In the entries below, find the line containing "(a : 'I_n -> R) (b" and the line containing "- by move=>". Copy those two lines and everything between them exactly, and only that.

RECORDS FOR THE TASK START

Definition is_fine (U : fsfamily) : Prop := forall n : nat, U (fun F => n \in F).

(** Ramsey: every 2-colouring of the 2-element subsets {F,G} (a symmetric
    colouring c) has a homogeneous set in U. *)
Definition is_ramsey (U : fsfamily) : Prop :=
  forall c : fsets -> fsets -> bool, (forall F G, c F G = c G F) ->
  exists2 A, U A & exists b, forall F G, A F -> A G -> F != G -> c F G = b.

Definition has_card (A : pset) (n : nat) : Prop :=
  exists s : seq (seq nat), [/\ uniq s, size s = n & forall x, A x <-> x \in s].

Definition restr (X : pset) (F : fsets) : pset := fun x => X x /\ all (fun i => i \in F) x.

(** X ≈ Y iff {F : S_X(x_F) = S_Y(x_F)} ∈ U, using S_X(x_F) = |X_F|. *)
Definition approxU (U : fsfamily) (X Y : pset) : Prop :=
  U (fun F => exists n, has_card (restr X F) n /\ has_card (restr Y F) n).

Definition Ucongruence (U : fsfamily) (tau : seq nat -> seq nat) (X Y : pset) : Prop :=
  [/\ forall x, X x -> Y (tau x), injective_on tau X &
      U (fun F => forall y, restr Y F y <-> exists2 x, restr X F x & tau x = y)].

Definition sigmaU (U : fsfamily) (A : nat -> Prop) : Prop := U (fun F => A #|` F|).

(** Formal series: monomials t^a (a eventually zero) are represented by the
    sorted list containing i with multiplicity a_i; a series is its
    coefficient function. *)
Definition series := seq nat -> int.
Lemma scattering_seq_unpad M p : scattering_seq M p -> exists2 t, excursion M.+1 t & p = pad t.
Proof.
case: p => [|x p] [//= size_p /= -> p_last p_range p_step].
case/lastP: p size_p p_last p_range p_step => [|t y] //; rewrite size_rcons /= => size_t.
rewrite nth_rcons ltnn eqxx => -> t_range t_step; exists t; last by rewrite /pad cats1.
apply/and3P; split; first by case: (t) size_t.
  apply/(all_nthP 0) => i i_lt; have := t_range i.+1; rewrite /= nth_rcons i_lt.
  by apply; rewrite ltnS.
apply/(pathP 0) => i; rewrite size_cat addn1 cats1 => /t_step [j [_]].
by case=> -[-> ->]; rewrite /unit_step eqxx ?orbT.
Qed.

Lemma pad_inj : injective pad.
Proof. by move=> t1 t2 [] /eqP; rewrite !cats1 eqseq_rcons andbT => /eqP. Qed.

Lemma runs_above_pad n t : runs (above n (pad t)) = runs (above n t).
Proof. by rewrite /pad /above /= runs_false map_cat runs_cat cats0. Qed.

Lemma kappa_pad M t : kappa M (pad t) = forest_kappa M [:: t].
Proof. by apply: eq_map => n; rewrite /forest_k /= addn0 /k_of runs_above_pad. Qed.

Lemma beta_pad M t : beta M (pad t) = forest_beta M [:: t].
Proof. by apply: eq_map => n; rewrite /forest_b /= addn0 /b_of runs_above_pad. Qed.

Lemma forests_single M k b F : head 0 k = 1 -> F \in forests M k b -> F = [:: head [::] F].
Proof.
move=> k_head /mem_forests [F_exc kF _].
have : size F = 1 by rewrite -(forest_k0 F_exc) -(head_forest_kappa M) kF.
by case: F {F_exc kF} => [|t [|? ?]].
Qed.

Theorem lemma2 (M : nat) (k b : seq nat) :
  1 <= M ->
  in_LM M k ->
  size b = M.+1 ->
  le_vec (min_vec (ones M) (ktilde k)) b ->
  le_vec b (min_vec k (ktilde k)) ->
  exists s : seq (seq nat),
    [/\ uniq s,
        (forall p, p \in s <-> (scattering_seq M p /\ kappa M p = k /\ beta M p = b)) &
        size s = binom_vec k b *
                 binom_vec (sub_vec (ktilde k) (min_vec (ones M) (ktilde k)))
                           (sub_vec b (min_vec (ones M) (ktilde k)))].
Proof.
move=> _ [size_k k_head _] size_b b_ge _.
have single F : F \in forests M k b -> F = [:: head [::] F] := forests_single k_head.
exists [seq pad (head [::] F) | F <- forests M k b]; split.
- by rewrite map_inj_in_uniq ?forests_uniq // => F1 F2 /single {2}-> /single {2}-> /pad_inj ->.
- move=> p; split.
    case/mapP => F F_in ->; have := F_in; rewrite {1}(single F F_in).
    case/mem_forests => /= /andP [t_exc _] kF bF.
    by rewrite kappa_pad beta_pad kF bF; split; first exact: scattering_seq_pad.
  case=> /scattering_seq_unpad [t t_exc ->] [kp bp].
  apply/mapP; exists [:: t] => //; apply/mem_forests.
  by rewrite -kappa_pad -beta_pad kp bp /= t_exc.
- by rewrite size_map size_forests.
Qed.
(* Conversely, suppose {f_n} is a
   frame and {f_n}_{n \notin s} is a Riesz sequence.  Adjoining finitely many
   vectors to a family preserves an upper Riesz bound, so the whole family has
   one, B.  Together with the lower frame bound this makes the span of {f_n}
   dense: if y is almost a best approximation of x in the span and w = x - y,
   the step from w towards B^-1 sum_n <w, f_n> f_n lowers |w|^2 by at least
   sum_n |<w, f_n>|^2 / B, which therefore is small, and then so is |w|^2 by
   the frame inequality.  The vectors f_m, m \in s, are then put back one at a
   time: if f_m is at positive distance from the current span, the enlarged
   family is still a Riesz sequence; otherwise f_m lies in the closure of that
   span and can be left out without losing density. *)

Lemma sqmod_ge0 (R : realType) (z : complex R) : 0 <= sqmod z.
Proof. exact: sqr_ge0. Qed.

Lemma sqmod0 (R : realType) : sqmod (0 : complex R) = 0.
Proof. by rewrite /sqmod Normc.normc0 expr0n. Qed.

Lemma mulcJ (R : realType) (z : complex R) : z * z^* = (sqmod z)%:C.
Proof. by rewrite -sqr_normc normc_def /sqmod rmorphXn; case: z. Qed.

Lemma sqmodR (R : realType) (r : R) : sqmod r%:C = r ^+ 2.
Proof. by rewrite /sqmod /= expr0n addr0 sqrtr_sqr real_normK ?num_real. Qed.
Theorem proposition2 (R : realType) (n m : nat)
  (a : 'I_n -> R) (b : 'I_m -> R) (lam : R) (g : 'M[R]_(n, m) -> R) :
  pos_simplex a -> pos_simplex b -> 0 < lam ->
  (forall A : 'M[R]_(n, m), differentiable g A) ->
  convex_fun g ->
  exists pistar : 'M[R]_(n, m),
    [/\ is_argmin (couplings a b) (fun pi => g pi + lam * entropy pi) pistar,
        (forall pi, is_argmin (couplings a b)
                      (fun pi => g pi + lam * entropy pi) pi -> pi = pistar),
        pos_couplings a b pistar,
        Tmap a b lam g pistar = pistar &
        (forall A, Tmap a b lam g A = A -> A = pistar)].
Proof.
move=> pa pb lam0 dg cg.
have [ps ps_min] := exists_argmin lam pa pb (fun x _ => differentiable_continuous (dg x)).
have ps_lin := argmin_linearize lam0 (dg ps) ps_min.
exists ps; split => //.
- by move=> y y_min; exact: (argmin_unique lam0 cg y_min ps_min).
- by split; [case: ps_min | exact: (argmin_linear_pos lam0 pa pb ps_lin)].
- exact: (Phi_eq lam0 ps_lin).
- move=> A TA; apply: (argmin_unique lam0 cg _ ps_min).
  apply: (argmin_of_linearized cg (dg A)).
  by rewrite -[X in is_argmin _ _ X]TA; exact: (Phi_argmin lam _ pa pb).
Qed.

RECORDS FOR THE TASK END
RECORDS FOR THE TASK START

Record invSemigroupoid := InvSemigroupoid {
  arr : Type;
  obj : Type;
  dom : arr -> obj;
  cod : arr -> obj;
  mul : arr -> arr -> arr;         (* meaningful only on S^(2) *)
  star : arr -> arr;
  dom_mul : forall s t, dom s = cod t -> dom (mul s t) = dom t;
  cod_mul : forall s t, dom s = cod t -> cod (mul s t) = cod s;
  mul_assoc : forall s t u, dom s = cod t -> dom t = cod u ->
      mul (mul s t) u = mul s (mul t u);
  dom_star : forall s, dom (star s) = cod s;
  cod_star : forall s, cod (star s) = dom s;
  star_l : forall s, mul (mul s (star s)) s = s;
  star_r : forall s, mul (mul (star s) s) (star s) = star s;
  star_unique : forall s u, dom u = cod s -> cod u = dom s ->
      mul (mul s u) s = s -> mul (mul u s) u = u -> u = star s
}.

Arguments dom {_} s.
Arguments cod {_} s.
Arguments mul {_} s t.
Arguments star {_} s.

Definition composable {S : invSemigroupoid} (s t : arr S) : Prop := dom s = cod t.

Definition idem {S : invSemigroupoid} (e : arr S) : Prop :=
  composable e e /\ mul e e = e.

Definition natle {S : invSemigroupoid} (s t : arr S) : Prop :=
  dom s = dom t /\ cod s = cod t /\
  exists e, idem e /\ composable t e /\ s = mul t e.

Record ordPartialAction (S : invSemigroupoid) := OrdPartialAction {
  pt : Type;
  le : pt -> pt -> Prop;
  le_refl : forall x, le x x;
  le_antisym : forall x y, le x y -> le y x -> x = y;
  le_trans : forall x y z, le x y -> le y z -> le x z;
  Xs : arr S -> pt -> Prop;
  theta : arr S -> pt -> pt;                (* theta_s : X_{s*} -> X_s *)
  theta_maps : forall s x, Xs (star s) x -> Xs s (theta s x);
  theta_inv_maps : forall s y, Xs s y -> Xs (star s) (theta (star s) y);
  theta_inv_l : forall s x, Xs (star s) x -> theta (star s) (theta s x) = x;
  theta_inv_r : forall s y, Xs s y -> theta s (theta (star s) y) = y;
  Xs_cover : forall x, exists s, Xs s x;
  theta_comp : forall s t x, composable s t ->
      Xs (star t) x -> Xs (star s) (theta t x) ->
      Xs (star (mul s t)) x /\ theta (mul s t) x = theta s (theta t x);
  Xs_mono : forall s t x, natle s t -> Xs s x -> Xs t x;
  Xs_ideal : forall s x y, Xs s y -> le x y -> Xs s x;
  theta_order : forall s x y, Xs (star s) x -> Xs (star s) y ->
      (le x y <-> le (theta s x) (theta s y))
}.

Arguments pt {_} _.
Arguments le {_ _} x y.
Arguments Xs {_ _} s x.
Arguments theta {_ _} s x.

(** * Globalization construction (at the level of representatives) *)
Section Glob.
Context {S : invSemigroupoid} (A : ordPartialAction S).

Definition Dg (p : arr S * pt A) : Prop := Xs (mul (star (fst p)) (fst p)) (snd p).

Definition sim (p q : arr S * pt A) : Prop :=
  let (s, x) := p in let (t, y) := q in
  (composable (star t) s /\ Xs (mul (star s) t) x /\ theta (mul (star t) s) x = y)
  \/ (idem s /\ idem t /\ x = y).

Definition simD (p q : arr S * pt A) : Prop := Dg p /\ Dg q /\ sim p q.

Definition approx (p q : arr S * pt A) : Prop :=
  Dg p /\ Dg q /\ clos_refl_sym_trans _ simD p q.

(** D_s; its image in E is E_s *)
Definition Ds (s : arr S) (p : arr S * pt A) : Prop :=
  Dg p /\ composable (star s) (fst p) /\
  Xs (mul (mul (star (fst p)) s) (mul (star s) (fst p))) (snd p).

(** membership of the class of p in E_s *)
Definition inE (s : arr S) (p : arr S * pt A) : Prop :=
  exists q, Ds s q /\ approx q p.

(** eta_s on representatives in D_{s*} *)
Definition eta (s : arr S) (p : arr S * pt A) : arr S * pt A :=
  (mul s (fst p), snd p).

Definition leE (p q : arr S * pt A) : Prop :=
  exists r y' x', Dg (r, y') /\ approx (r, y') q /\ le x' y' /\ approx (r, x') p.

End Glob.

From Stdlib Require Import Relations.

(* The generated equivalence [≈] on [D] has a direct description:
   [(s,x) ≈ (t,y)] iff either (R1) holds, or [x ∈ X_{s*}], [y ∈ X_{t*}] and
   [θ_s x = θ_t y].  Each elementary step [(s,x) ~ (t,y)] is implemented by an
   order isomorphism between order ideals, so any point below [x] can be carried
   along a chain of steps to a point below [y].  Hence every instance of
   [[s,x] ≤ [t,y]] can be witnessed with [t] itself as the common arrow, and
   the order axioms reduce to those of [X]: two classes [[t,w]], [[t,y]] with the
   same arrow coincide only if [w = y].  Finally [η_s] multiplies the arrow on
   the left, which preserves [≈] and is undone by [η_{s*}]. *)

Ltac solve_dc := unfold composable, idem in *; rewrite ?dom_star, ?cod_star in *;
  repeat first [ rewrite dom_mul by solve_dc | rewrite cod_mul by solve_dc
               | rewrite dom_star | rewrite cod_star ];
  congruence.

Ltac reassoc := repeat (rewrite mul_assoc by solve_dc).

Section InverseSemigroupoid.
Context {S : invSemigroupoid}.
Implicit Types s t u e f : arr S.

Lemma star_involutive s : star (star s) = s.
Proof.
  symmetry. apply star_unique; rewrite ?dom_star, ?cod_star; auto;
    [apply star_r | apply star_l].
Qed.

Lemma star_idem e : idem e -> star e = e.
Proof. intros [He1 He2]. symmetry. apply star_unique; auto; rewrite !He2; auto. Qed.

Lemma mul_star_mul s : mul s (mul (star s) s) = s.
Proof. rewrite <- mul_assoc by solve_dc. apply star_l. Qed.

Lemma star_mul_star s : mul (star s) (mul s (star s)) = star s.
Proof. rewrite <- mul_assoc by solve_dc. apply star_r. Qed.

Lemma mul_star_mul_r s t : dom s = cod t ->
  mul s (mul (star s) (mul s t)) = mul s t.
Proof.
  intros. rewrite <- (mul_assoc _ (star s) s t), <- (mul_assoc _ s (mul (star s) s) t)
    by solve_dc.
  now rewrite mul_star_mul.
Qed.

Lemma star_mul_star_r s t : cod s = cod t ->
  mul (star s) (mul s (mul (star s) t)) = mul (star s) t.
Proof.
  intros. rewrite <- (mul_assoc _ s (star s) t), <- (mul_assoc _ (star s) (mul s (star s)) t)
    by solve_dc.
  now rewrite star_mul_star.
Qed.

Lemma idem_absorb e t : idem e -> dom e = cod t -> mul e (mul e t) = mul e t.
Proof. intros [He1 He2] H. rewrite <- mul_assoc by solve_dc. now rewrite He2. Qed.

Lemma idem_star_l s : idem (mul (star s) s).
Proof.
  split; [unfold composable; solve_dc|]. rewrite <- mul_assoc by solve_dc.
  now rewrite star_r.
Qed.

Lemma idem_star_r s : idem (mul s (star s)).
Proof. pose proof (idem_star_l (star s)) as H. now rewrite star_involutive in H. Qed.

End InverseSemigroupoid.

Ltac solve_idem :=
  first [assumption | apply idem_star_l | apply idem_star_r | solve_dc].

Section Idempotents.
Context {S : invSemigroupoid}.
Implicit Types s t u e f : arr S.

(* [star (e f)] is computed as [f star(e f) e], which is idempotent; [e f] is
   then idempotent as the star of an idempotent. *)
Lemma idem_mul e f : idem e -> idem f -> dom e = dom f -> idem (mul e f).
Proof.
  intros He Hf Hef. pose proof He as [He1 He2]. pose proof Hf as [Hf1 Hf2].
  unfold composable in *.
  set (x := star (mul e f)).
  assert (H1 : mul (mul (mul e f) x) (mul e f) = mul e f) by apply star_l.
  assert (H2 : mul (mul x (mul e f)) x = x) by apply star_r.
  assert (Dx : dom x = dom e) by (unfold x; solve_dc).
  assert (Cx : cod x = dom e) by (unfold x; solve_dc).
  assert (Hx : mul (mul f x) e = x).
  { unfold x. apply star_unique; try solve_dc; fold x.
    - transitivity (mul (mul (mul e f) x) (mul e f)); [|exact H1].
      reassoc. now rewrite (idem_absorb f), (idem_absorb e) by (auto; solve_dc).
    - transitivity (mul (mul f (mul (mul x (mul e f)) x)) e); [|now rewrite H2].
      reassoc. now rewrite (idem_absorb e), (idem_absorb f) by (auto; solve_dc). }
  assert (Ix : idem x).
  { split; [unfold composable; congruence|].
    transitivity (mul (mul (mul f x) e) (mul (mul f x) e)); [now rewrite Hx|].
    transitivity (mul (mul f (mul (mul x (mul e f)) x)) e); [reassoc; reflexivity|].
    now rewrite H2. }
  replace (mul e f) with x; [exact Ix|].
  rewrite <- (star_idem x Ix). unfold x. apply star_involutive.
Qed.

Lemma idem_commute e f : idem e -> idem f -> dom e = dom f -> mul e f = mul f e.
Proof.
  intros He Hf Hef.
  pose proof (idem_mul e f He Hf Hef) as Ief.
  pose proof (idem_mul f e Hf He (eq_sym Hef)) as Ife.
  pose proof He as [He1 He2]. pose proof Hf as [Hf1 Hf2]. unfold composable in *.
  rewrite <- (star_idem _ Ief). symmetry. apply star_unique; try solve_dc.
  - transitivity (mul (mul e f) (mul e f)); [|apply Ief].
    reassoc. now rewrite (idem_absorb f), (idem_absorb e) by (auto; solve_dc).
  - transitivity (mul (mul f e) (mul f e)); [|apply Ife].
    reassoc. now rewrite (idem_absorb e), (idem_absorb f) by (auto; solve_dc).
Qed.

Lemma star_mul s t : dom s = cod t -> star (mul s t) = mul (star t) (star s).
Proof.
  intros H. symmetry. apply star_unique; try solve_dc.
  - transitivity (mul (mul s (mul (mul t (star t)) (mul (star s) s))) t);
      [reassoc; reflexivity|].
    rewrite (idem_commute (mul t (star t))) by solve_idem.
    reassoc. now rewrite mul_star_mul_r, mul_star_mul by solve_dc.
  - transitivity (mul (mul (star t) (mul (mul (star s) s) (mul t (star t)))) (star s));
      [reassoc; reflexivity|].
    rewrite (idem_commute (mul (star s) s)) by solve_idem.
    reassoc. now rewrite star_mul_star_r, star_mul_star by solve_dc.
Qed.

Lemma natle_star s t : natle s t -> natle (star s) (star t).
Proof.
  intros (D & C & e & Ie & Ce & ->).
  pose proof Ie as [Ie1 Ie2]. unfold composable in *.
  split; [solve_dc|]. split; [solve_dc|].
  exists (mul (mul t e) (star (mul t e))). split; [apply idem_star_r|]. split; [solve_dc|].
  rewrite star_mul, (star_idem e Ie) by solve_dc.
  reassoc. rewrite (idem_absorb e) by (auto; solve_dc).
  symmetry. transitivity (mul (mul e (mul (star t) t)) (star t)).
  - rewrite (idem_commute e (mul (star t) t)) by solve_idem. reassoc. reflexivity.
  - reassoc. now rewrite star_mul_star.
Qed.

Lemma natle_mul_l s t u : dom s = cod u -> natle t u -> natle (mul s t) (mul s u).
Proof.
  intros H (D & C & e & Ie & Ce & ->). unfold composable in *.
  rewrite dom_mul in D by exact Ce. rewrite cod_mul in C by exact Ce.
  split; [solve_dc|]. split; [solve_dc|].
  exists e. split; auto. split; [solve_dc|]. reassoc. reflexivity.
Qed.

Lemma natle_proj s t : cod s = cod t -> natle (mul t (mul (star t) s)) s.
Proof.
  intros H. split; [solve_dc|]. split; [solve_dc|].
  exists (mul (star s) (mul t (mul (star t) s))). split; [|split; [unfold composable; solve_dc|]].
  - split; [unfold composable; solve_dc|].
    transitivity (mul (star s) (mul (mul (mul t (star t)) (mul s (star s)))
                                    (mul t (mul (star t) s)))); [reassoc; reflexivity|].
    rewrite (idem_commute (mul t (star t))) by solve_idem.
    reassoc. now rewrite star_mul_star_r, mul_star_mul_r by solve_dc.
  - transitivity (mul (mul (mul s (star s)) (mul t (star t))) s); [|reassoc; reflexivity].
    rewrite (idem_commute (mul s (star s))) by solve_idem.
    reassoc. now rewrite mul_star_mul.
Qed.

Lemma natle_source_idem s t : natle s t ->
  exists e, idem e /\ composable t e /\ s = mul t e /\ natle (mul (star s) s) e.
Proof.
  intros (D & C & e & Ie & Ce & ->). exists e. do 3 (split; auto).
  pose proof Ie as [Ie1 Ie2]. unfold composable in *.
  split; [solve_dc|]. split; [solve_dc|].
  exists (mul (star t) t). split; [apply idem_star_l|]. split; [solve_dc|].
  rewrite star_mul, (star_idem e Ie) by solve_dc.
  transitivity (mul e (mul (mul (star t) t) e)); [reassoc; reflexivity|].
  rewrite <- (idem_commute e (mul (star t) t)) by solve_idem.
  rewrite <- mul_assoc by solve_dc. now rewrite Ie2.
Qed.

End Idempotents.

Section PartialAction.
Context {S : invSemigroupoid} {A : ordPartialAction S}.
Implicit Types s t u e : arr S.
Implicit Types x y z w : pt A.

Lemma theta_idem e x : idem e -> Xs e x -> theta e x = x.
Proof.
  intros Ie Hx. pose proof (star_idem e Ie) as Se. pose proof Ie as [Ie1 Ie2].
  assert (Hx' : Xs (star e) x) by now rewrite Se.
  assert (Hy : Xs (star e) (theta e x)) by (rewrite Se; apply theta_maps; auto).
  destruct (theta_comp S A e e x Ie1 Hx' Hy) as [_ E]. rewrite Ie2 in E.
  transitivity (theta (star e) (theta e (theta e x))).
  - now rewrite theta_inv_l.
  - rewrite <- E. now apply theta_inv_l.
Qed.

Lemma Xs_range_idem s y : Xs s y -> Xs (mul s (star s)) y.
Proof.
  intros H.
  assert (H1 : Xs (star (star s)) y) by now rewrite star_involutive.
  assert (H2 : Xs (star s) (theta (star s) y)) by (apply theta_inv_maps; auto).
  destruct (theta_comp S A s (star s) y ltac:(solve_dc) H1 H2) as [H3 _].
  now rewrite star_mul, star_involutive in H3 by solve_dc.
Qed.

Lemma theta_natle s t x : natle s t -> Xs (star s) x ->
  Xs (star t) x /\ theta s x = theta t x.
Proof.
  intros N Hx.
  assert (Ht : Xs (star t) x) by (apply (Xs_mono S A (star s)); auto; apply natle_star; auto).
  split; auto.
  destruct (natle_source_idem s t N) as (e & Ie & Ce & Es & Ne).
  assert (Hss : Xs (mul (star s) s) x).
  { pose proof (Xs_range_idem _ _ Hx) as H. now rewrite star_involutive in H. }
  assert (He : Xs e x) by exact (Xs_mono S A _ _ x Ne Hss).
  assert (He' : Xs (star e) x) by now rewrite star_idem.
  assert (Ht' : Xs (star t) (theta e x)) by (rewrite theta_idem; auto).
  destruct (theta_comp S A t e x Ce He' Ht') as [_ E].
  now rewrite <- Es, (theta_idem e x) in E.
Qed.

RECORDS FOR THE TASK END

THE ANSWER —
  (a : 'I_n -> R) (b : 'I_m -> R) (lam : R) (g : 'M[R]_(n, m) -> R) :
  pos_simplex a -> pos_simplex b -> 0 < lam ->
  (forall A : 'M[R]_(n, m), differentiable g A) ->
  convex_fun g ->
  exists pistar : 'M[R]_(n, m),
    [/\ is_argmin (couplings a b) (fun pi => g pi + lam * entropy pi) pistar,
        (forall pi, is_argmin (couplings a b)
                      (fun pi => g pi + lam * entropy pi) pi -> pi = pistar),
        pos_couplings a b pistar,
        Tmap a b lam g pistar = pistar &
        (forall A, Tmap a b lam g A = A -> A = pistar)].
Proof.
move=> pa pb lam0 dg cg.
have [ps ps_min] := exists_argmin lam pa pb (fun x _ => differentiable_continuous (dg x)).
have ps_lin := argmin_linearize lam0 (dg ps) ps_min.
exists ps; split => //.
- by move=> y y_min; exact: (argmin_unique lam0 cg y_min ps_min).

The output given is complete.